15: Future Investments

  • 15% of income: Invest for future wealth-building.
  • Investment Accounts:
    • Roth IRA: Offers tax-free growth on earnings and profits. Contributions are made with post-tax income. Limits on contributions: $7,000/year (under 50) or $8,000/year (over 50).
      • Steps to open: Earned income, open an account with a brokerage (Fidelity, Schwab, Vanguard), transfer funds, and invest in assets.
    • 401(k): Employer-sponsored, uses pre-tax income, contributions taxed on withdrawal. Contributions limits: $23,000/year (as of 2024).
      • Employer Matching: Free money from employers, often matching contributions up to a certain percentage.

Importance of Wealth-Building Assets

  • Assets vs.

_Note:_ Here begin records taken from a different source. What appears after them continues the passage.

Lemma qcoef_bounds d N j : 2 * 3 ^ N < (9/8) ^ d -> (j <= N)%nat ->
  opt_count j * dpow d j <= qcoef (sigmad d) j <= (opt_count j + 1/4) * dpow d j.
Proof.
  intros Hgrowth Hj. split; [apply qcoef_lower|].
  eapply Rle_trans; [exact (qcoef_upper d N j (tail_small_of_growth d N Hgrowth) Hj)|].
  apply Rmult_le_compat_r; [apply Rlt_le, dpow_pos|].
  pose proof (err_lt_quarter d N j Hgrowth Hj). lra.
Qed.

Lemma ln98_pos : 0 < ln (9/8).
Proof. rewrite <- ln_1. apply ln_increasing; lra. Qed.

Lemma log98_mult x y : 0 < x -> 0 < y -> log98 (x * y) = log98 x + log98 y.
Proof. intros. unfold log98. rewrite ln_mult by assumption. field. apply Rgt_not_eq, ln98_pos. Qed.

Lemma log98_pow x k : 0 < x -> log98 (x ^ k) = INR k * log98 x.
Proof. intros. unfold log98. rewrite ln_pow by assumption. field. apply Rgt_not_eq, ln98_pos. Qed.

Lemma log98_pow98 d : log98 ((9/8) ^ d) = INR d.
Proof.
  rewrite log98_pow by lra. unfold log98. field_simplify; [lra|]. apply Rgt_not_eq, ln98_pos.
Qed.

Lemma log98_lt_inv x y : 0 < x -> 0 < y -> log98 x < log98 y -> x < y.
Proof.
  intros Hx Hy H. apply ln_lt_inv; [assumption..|]. unfold log98 in H.
  pose proof ln98_pos.
  apply Rmult_lt_reg_r with (/ ln (9/8)); [now apply Rinv_0_lt_compat | exact H].
Qed.

Lemma log98_le x y : 0 < x -> x <= y -> log98 x <= log98 y.
Proof.
  intros Hx Hxy. unfold log98. pose proof ln98_pos. apply Rmult_le_compat_r.
  - now apply Rlt_le, Rinv_0_lt_compat.
  - destruct Hxy as [Hlt | ->]; [apply Rlt_le, ln_increasing|]; lra.
Qed.

Lemma pow_mul_add x a m k : x ^ (a * m + k) = (x ^ m) ^ a * x ^ k.
Proof. now rewrite pow_add, Nat.mul_comm, pow_mult. Qed.

Lemma Dsigma_mul3_lt d m : Dsigma (3 * m + 3) < INR d -> 729 * (3 ^ m) ^ 6 < (9/8) ^ d.
Proof.
  unfold Dsigma. rewrite mod3_shift. cbn [Nat.modulo Nat.divmod fst snd Nat.sub Nat.eqb].
  intros HD.
  replace (729 * (3 ^ m) ^ 6) with (3 ^ (2 * (3 * m + 3)))
    by (replace (2 * (3 * m + 3))%nat with (6 * m + 6)%nat by lia;
        rewrite pow_mul_add; simpl; ring).
  apply log98_lt_inv; [apply pow_lt; lra.. |].
  rewrite log98_pow98, log98_pow, mult_INR by lra. simpl (INR 2). lra.
Qed.

Lemma Dsigma_mul3_add1_lt d m :
  Dsigma (3 * m + 4) < INR d -> 19683 * (3 ^ m) ^ 6 < 3 * (INR m + 2) * (9/8) ^ d.
Proof.
  unfold Dsigma. rewrite mod3_shift. cbn [Nat.modulo Nat.divmod fst snd Nat.sub Nat.eqb].
  intros HD.
  replace (19683 * (3 ^ m) ^ 6) with (3 ^ (2 * (3 * m + 4) + 1))
    by (replace (2 * (3 * m + 4) + 1)%nat with (6 * m + 9)%nat by lia;
        rewrite pow_mul_add; simpl; ring).
  replace (3 * (INR m + 2)) with (INR (3 * m + 4) + 2) in *
    by (rewrite plus_INR, mult_INR; simpl; ring).
  pose proof (pos_INR (3 * m + 4)).
  apply log98_lt_inv; [apply pow_lt; lra | apply Rmult_lt_0_compat; [lra | apply pow_lt; lra] |].
  rewrite log98_mult, log98_pow98, log98_pow by (try apply pow_lt; lra).
  replace (INR (2 * (3 * m + 4) + 1)) with (2 * INR (3 * m + 4) + 1)
    by (rewrite (plus_INR (2 * _) 1), (mult_INR 2); simpl (INR 2); simpl (INR 1); ring).
  lra.
Qed.

Lemma Dsigma_mul3_add2_lt d m : Dsigma (3 * m + 5) < INR d -> 2 * 3 ^ (3 * m + 6) < (9/8) ^ d.
Proof.
  intros HD. apply log98_lt_inv; [pose proof (pow_lt 3 (3 * m + 6)); lra | apply pow_lt; lra |].
  rewrite log98_pow98. eapply Rle_lt_trans; [|exact HD].
  unfold Dsigma. rewrite mod3_shift. cbn [Nat.modulo Nat.divmod fst snd Nat.sub Nat.eqb].
  destruct (Nat.eqb_spec (3 * m + 5) 5) as [H5|H5].
  - replace m with 0%nat by lia. apply log98_le; simpl; lra.
  - rewrite log98_mult, log98_pow by (try apply pow_lt; lra).
    replace (3 * m + 6)%nat with (S (3 * m + 5)) by lia. rewrite S_INR. lra.
Qed.

Lemma dpow_mul_scale d r w x y z :
  INR (maxprod w) * INR (maxprod x) = r * (INR (maxprod y) * INR (maxprod z)) ->
  dpow d w * dpow d x = r ^ d * (dpow d y * dpow d z).
Proof. intros H. unfold dpow. now rewrite <- !Rpow_mult_distr, H. Qed.
(* The parent relation of the Explicit Tree $\mathbf T$ is well defined and $\mathbf T$ is a directed spanning tree of $\mathbf G$ rooted at $\mathcal R$ (for every $\mathcal U\neq\mathcal R$, $(parent(\mathcal U),\mathcal U)$ is an arc of $\mathbf G$, and the parent relation has no cycles).
   Context: Let $k\ge 2$, $\Sigma=\{0,\dots,k-1\}$ with arithmetic modulo $k$, $n\ge 1$, $s=s[0]\cdots s[n-1]\in\Sigma^n$. For an integer $j$, $ICR_j(s)=s[1]\cdots s[n-1](s[0]+j)$. Let $\mathbf N$ be the set of cycles (orbits) of the permutation $ICR_1$ of $\Sigma^n$. Let $\mathbf G$ be the directed graph on $\mathbf N$ with an arc $(\mathcal U,\mathcal V)$ iff some $s\in\mathcal U$ has $ICR_0(s)\in\mathcal V$. The difference array $\Delta(s)\in\Sigma^n$ is $\Delta(s)[i]=s[i-1]-s[i]$ for $0<i<n$ and $\Delta(s)[0]=s[n-1]-s[0]-1$ (mod $k$). Two strings $s,t$ lie in the same cycle iff $\Delta(s)$ and $\Delta(t)$ are cyclic rotations of each other; for a cycle $\mathcal U$, $\Delta(\mathcal U)$ denotes the lexicographically minimal rotation of $\Delta(s)$ for any $s\in\mathcal U$ (lexicographic order using $0<1<\dots<k-1$). Explicit Tree $\mathbf T$: the root $\mathcal R$ is the cycle of $0^n$; for $\mathcal U\in\mathbf N\setminus\{\mathcal R\}$, let $i$ be the least index with $\Delta(\mathcal U)[i]\ne0$, let $A$ be obtained from $\Delta(\mathcal U)$ by decrementing entry $i$ and incrementing entry $i+1$ (mod $k$), and let $parent(\mathcal U)$ be the unique cycle $\mathcal V$ with $\Delta(\mathcal V)$ equal to $A$ up to rotation. *)

From mathcomp Require Import all_boot all_algebra.
Set Implicit Arguments. Unset Strict Implicit. Unset Printing Implicit Defensive.
Import GRing.Theory.
Local Open Scope ring_scope.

Labor: Real wealth is built through owning assets, not just from high-paying jobs.
  • Books & Learning: Key books include 'Rich Dad Poor Dad,' 'Psychology of Money,' 'The Intelligent Investor.' Learning about investments is crucial.

Investment Strategy

  • Index Funds and ETFs: Suggested as reliable, low-maintenance investments.
    • Example: S&P 500 Index Fund offers diversification, typically returns ~8% annually over time.
    • Set-and-forget approach: Maintains portfolio value and mitigates risk through diversification.

Final Thoughts

  • Addressing the sense of not doing enough financially.
  • Emphasis on avoiding wasteful spending and making informed financial decisions.

Additional Resource

  • Mention of a tool (Savings Goal Tracker) offered for free to help visualize savings progress.

Actionable Steps

  1. Spend less than 75% of your income, focusing on value and bigger expenses.
  2. Save 10% for a cushion fund, stored in a high-yield savings account.
  3. Invest 15% in Roth IRA or 401(k), focusing on index funds or ETFs for diversification and growth.